What Zappa meant, I can only assume, is that the reliance on science is dehumanising. And we have to get back to the art of heart, we have to focus on intuition and that part of our brain and self and soul that allows us to connect with a truth, a piece of knowledge that we know to be true, irrespective of whether the data supports it or not.
Sometimes in life the data tells you one thing and you have to make an opposite decision – that’s life.
Anyone who’s had a sat-nav, if you’ve ever been driving on sat-nav and it tells you to go the wrong way and you override it because you just know it’s the wrong way, that’s what I’m talking about.
There are plenty of examples of people driving into rivers because their sat-nav told them to, that’s a reliance on science.
That interplay between intuition and data, and information and knowledge is really really powerful.
But the ultimate end point of moving away from a reliance on science and reintegrating the art of heart back into what we do, is a different approach when it comes to marketing.
The relevance to marketing is really clear for me;
It’s the difference between service and expectation.
Good marketing should serve its marketplace, and should add value to its marketplace.
The purpose of good marketing isn’t to sell. The purpose of good marketing is to inform your market, so that they want to buy.
There’s a very big difference there and it’s the difference between service and expectation.
The belief that marketing serves only to create prospects to close, ultimately is part of the problem. It leads to a reliance on science because we start focusing on funnels and conversion rates, and don’t get me wrong conversion is of course important, but it’s an endpoint not a start point.
Up until now, the last twenty years have been if anything, the demonstration of a reliance on science, statistics are everything. Because of the internet. Because of digital.
But it creates a hunting culture because we’re always seeing the prospect as statistics and as a result we’re not only dehumanising them, we’re dehumanising ourselves.
So there’s a rehumanising that’s going on in marketing, broadly around in business, in the world, all the way up to IBM, and massive companies. The reason for that is there is an understanding that prospects are smarter than that, they don’t want to be hunted.

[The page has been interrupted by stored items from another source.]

(* Let $g:\mathbb{R}^2\to\mathbb{R}^2$ be a $C^1$ map with $g(0)=0$, let $L>0$, and for $\delta>0$ let $\tilde S(\delta)=\{(x,y):|y|\le L|x|,\ |x|\le\delta\}$. Let $\tilde U=[-\alpha,\alpha]\times[-\beta,\beta]$ with $\alpha,\beta>0$ and $\beta/\alpha>L$. Let $\tilde v:[-1,1]\to\tilde U$ be continuous with $\tilde v(-1)\in\{y=-Lx\}$, $\tilde v(1)\in\{y=Lx\}$ and $\pi_x\tilde v(s)\neq0$ for all $s\in[-1,1]$. Assume that for every matrix $C\in[Dg(\tilde U)]$ and every $y$ with $|y|\le L$ we have $|\pi_x C(1,y)|>1$ and $|\pi_y C(1,y)|\le L$. Then for every $\delta>0$ there exist $p\in\tilde S(\delta)$ and an integer $n\ge0$ such that $g^k(p)\in\tilde U$ for $0\le k\le n$ and $g^n(p)\in\tilde v([-1,1])$.
   Context: $\pi_x,\pi_y$ denote the projections of $\mathbb{R}^2$ onto the first and second coordinates. For a set $U\subset\mathbb{R}^2$, $[Dg(U)]$ denotes the interval enclosure of the derivative: the set of all $2\times2$ matrices $(a_{ij})$ with $a_{ij}\in[\inf_{p\in U}\partial g_i/\partial x_j(p),\ \sup_{p\in U}\partial g_i/\partial x_j(p)]$. *)

From Stdlib Require Import Reals.
From Coquelicot Require Import Coquelicot.
Open Scope R_scope.

(* Points of R^2 are pairs; pi_x = fst, pi_y = snd. *)
Definition comp1 (g : R * R -> R * R) (p : R * R) : R := fst (g p).
Definition comp2 (g : R * R -> R * R) (p : R * R) : R := snd (g p).

Definition ex_dx (f : R * R -> R) (p : R * R) : Prop :=
  ex_derive (fun t => f (t, snd p)) (fst p).
Definition ex_dy (f : R * R -> R) (p : R * R) : Prop :=
  ex_derive (fun t => f (fst p, t)) (snd p).
Definition dx (f : R * R -> R) (p : R * R) : R :=
  Derive (fun t => f (t, snd p)) (fst p).
Definition dy (f : R * R -> R) (p : R * R) : R :=
  Derive (fun t => f (fst p, t)) (snd p).

Definition C1_scalar (f : R * R -> R) : Prop :=
  (forall p, ex_dx f p) /\ (forall p, ex_dy f p) /\
  (forall p, continuous (dx f) p) /\ (forall p, continuous (dy f) p).

Definition C1_map (g : R * R -> R * R) : Prop :=
  C1_scalar (comp1 g) /\ C1_scalar (comp2 g).

Definition Dg_entry (g : R * R -> R * R) (i j : nat) : R * R -> R :=
  match i, j with
  | O, O => dx (comp1 g)
  | O, _ => dy (comp1 g)
  | _, O => dx (comp2 g)
  | _, _ => dy (comp2 g)
  end.

Definition in_hull (U : R * R -> Prop) (d : R * R -> R) (a : R) : Prop :=
  let S := fun r => exists p, U p /\ r = d p in
  Rbar_le (Glb_Rbar S) (Finite a) /\ Rbar_le (Finite a) (Lub_Rbar S).

(* 2x2 matrix (a11,a12,a21,a22) belongs to the interval enclosure [Dg(U)] *)
Definition in_IDg (g : R * R -> R * R) (U : R * R -> Prop)
    (a11 a12 a21 a22 : R) : Prop :=
  in_hull U (Dg_entry g 0 0) a11 /\ in_hull U (Dg_entry g 0 1) a12 /\
  in_hull U (Dg_entry g 1 0) a21 /\ in_hull U (Dg_entry g 1 1) a22.

Definition Scone (L delta : R) (p : R * R) : Prop :=
  Rabs (snd p) <= L * Rabs (fst p) /\ Rabs (fst p) <= delta.

Definition Box (alpha beta : R) (p : R * R) : Prop :=
  Rabs (fst p) <= alpha /\ Rabs (snd p) <= beta.

From Stdlib Require Import Reals Lra Lia Classical.
From Coquelicot Require Import Coquelicot.
Open Scope R_scope.

(* The enclosure hypothesis makes the first row of Dg, applied to vectors
   (1, y) with |y| <= L, keep a fixed sign e and a size at least some
   lam > 1 uniformly on the box, while the second row stays below L.  By the
   mean value theorem, g then maps two points of the box that lie in each
   other's L-cone to two points still in the cone, with their x-distance
   multiplied by at least lam.  Iterating on a short horizontal segment from
   the origin towards the side where v lies, the images stay graphs of slope
   at most L over x and grow geometrically, so some iterate of a sub-segment
   stays in the box and runs from the origin to the vertical side x = +-alpha
   on the side of v (one extra iterate fixes the side when e = -1).  Such a
   graph separates the two ends of v, which lie on the lines y = -Lx and
   y = Lx, so v meets it. *)

Definition is_sign (e : R) : Prop := e = 1 \/ e = -1.

Lemma Rabs_sign_mul e x : is_sign e -> Rabs (e * x) = Rabs x.
Proof.
  intros [-> | ->]; [now rewrite Rmult_1_l|].
  replace (-1 * x) with (- x) by ring; apply Rabs_Ropp.
Qed.

Lemma sign_sqr e : is_sign e -> e * e = 1.
Proof. intros [-> | ->]; ring. Qed.

Lemma sign_mul e f : is_sign e -> is_sign f -> is_sign (e * f).
Proof. intros [-> | ->] [-> | ->]; [left|right|right|left]; ring. Qed.

Lemma sign_pow e n : is_sign e -> is_sign (e ^ n).
Proof. intros He; induction n; [left; reflexivity|now apply sign_mul]. Qed.

Lemma sign_mul_Rabs e x : is_sign e -> 0 <= e * x -> e * x = Rabs x.
Proof. intros H Hx; rewrite <- (Rabs_sign_mul e x H); now rewrite Rabs_pos_eq. Qed.

Lemma sign_of_nonzero x : x <> 0 -> exists e, is_sign e /\ 0 < e * x.
Proof.
  intros Hx; destruct (Rlt_dec 0 x).
  - exists 1; split; [left|]; lra.
  - exists (-1); split; [right|]; lra.
Qed.

Lemma between_0_of_sign e a b : is_sign e -> e * a <= 0 -> 0 <= e * b ->
  Rmin a b <= 0 <= Rmax a b.
Proof.
  intros [-> | ->] Ha Hb; unfold Rmin, Rmax; destruct Rle_dec; lra.
Qed.

Lemma sign_between e a x : is_sign e -> 0 <= a <= e * x -> Rmin 0 x <= e * a <= Rmax 0 x.
Proof. intros [-> | ->] Ha; unfold Rmin, Rmax; destruct Rle_dec; lra. Qed.

Lemma segment_outside_unit_same_side e a c : is_sign e -> 1 < e * a ->
  (forall s, 0 <= s <= 1 -> 1 < Rabs (a + s * c)) -> 1 < e * (a + c).
Proof.
  intros He Ha Hseg.
  destruct (Rlt_or_le 1 (e * (a + c))) as [|Hle]; [assumption|exfalso].
  assert (H1 := Hseg 1 ltac:(lra)); rewrite Rmult_1_l, <- (Rabs_sign_mul e) in H1 by exact He.
  assert (Hneg : e * (a + c) < -1) by (unfold Rabs in H1; destruct Rcase_abs; lra).
  (* the affine map s |-> e (a + s c) vanishes at s = e a / (e a - e (a + c)) *)
  set (s := e * a / (e * a - e * (a + c))).
  assert (Hs : 0 <= s <= 1).
  { unfold s; split.
    - apply Rmult_le_pos; [lra|apply Rlt_le, Rinv_0_lt_compat; lra].
    - apply Rmult_le_reg_r with (e * a - e * (a + c)); [lra|].
      unfold Rdiv; rewrite Rmult_assoc, Rinv_l by lra; lra. }
  assert (Hzero : e * (a + s * c) = 0).
  { unfold s; field_simplify; [|lra].
    replace (e * e) with 1 by (symmetry; now apply sign_sqr); unfold Rdiv; ring. }
  assert (H0 := Hseg s Hs); rewrite <- (Rabs_sign_mul e) in H0 by exact He.
  rewrite Hzero, Rabs_R0 in H0; lra.
Qed.

(** * Interval enclosures *)

Lemma in_hull_value U d p : U p -> in_hull U d (d p).
Proof.
  intros Hp; split.
  - apply (proj1 (Glb_Rbar_correct _)); now exists p.
  - apply (proj1 (Lub_Rbar_correct _)); now exists p.
Qed.

Lemma in_hull_segment U d a b s : in_hull U d a -> in_hull U d b -> 0 <= s <= 1 ->
  in_hull U d (a + s * (b - a)).
Proof.
  intros [Ha1 Ha2] [Hb1 Hb2] Hs.
  assert (Hm : Rmin a b <= a + s * (b - a) <= Rmax a b).
  { assert (0 <= s * Rabs (b - a) <= Rabs (b - a)) by (generalize (Rabs_pos (b - a)); nra).
    unfold Rmin, Rmax, Rabs in *; destruct Rle_dec, Rcase_abs; nra. }
  split.
  - apply Rbar_le_trans with (Finite (Rmin a b)); [|exact (proj1 Hm)].
    unfold Rmin; destruct Rle_dec; assumption.
  - apply Rbar_le_trans with (Finite (Rmax a b)); [exact (proj2 Hm)|].
    unfold Rmax; destruct Rle_dec; assumption.
Qed.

So we have to re-engage the art of heart, our empathy, and our eyebrows.
We have to reestablish the dominance of service versus expectation.
It’s not our right to expect a client to convert just because we’ve got the marketing right.
It is our duty to serve our market and if they like us and if they find this valuable, they will come towards us, and they will tell us what they want to buy, what model, what colour, what make, what year, all the variables, because that’s what we do when we want to buy a car nowadays. We don’t go to a car showroom and say sell me a car, we go there and tell them exactly what we want, because we’ve done the research because the marketing worked.